- Genre: Comedy
- Created by: David Caspe
- Starring: Eliza Coupe; Elisha Cuthbert; Zachary Knighton; Adam Pally; Damon Wayans Jr.; Casey Wilson;
- Country of origin: United States
- Original language: English
- No. of seasons: 1
- No. of episodes: 6 (and 1 special)

Production
- Executive producers: David Caspe; Chris Thomes;
- Producer: Corey Wish
- Running time: 2 minutes
- Production companies: FanFare Productions; ABC Studios; Sony Pictures Television;

Original release
- Network: ABC.com
- Release: February 29 – April 4, 2012

Related
- Happy Endings

= Happy Endings: Happy Rides =

Happy Endings: Happy Rides is an American comedy web series, created as a spin-off from the television show Happy Endings.

The web series is sponsored by car manufacturer Subaru.

==Production==

===Production===
The web series was written by Jason Berger and Jen Regan. The first two webisodes were directed by Steven Mesner, with the remaining four directed by members of the Happy Endings cast: Zachary Knighton directed the third webisode, Elisha Cuthbert the fourth, Casey Wilson the fifth and Adam Pally the sixth and final webisode.

===Release===
A new webisode was made available each Wednesday on ABC's website from February 29, 2012, which mirrored the air dates of the final six episodes of the TV show's second season.

==Plot==
The series depicts the events that follow after Penny announces she is getting rid of her storage space and selling everything inside, including her very first car.
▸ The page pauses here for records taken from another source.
Lemma genus_mod4 : m = 4 -> g %% 4 = 1.
Proof.
move=> m4; have range j : 0 < j < 4 -> 0 < j < m by rewrite m4.
have nDg2 : ~~ (D %| g + 2).
  apply/negP => Dg2.
  have nDg1 : ~~ (D %| g + 1).
    by apply/negP => /(ndvdn_succ D_gt1); rewrite -addnS Dg2.
  have nDg3 : ~~ (D %| g + 3) by rewrite addnS ndvdn_succ.
  by have := gluing_shift_unique (j1 := 1) (j2 := 3) (range 1 isT) (range 3 isT) nDg1 nDg3.
have Dg j : 0 < j < 4 -> j != 2 -> D %| g + j.
  move=> jr j2; apply/negPn/negP => nDj.
  by have := gluing_shift_unique (range _ jr) (range 2 isT) nDj nDg2; apply/eqP.
have D2 : D = 2.
  apply/prime_nt_dvdP => //; first by rewrite neq_ltn D_gt1 orbT.
  by rewrite -(dvdn_addr _ (Dg 1 isT isT)) -addnA Dg.
have ae : a = g + 2.
  case: (gluing_shift (range 2 isT) nDg2) => [[_ m_dvd] | [_ //]].
  by move: m_dvd (Dg 1 isT isT); rewrite m4 D2; lia.
have : g %% 4 = 1 \/ g %% 4 = 3 by move: (Dg 1 isT isT); rewrite D2; lia.
case=> // g3; have [k [y [kD E Dy Sy]]] := S_glue S_2g1.
move: Sy; rewrite SE /reflective_sg m4; move: kD E Dy; rewrite D2 ae.
by case: k => [|[|]] //; case: ifP => c1 *; lia.
Qed.

Lemma genus_mod_multiplicity : g %% m = 1.
Proof.
have : m = 2 \/ m = 3 \/ m = 4 by have := multiplicity_le4; lia.
case=> [m2 | [m3 | m4]]; last by rewrite m4 genus_mod4.
  by move: m_ndvd; rewrite m2; lia.
by rewrite m3 genus_mod3.
Qed.

End Gluing.

Lemma reflective_sg2 n x : reflective_sg 2 (2 * n + 1) x <-> gen [:: 2; 4 * n + 3] x.
Proof.
rewrite gen_pair /reflective_sg; split.
  case: (boolP (2 %| x)) => x_even; first by exists (x %/ 2), 0; lia.
  case: ltnP => c1 //; case: ltnP => c2 => [|_]; first by move: x_even; lia.
  by exists ((x - (4 * n + 3)) %/ 2), 1; lia.
case=> k [l ->]; have := muln_cases l (4 * n + 3).
by move: (l * _) => L HL; case: ltnP => c1; [|case: ltnP => c2]; case: HL; lia.
Qed.

Lemma reflective_sg3 n x : reflective_sg 3 (3 * n + 1) x <-> gen [:: 3; 3 * n + 2] x.
Proof.
rewrite gen_pair /reflective_sg; split.
  have : x %% 3 = 0 \/ x %% 3 = 1 \/ x %% 3 = 2 by lia.
  case=> [xr | [xr | xr]]; first by move=> _; exists (x %/ 3), 0; lia.
    case: ltnP => c1; first lia.
    case: ltnP => c2 => [|_]; first lia.
    by exists ((x - 2 * (3 * n + 2)) %/ 3), 2; lia.
  case: ltnP => c1 => [? | _]; first lia.
  by exists ((x - (3 * n + 2)) %/ 3), 1; lia.
case=> k [l ->]; have := muln_cases l (3 * n + 2).
by move: (l * _) => L HL; case: ltnP => c1; [|case: ltnP => c2]; case: HL; lia.
Qed.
This causes everyone to remember an important milestone in their lives that took place in the car.

===Cast and characters===
The series stars the entire cast from Happy Endings.

- Eliza Coupe as Jane Kerkovich-Williams
- Elisha Cuthbert as Alex Kerkovich
- Zachary Knighton as Dave Rose
- Adam Pally as Max Blum
- Damon Wayans Jr. as Brad Williams
- Casey Wilson as Penny Hartz

==Webisodes==
===Season 1 (2012)===

| No. | Title | Directed by | Written by | Original release date |
| 1 | "Webisode 1" | Steven Mesner | Jason Berger | February 29, 2012 |
Penny announces to Alex and Max that she's getting rid of her storage space, which means she is selling her first car.
| 2 | "Webisode 2" | Steven Mesner | Jen Regan | March 7, 2012 |
Jane and Brad hear of Penny's plans and reminisce about when they went to an Eagle-Eye Cherry concert.
| 3 | "Webisode 3" | Zachary Knighton | Jason Berger | March 14, 2012 |
Max attempts to end his decade-long debate with Dave about Waterworld.
| 4 | "Webisode 4" | Elisha Cuthbert | Jason Berger | March 21, 2012 |
As Penny waits for the buyer of her car, she recollects how she got the 1998 Chicago Bulls championship ring that is on her set of keys.
| 5 | "Webisode 5" | Casey Wilson | Jen Regan | March 28, 2012 |
While going through a box that was at the back of Penny's truck with Max, Alex stumbles across her old pager and attempts to contact her past-self.
| 6 | "Webisode 6" | Adam Pally | Jen Regan | April 4, 2012 |
Penny meets with the gang to say farewell to her truck before meeting with the potential buyer.

===Special (2012)===

| Title | Original release date |
| "Happy Rides - Behind the Scenes!" | April 4, 2012 |
A behind-the-scenes special of the 'Happy Rides' webisodes, hosted by Ben Begley.

==Reception==
The series has received high praise, noting that it doesn't stray from the show's signature tone. It has also been praised as the webisodes "feels like a bonus episode" as they were used to promote Subaru's "First Car" promotion rather than promoting a product within the series. The actors also received praise, with some noting "the actors are in top form".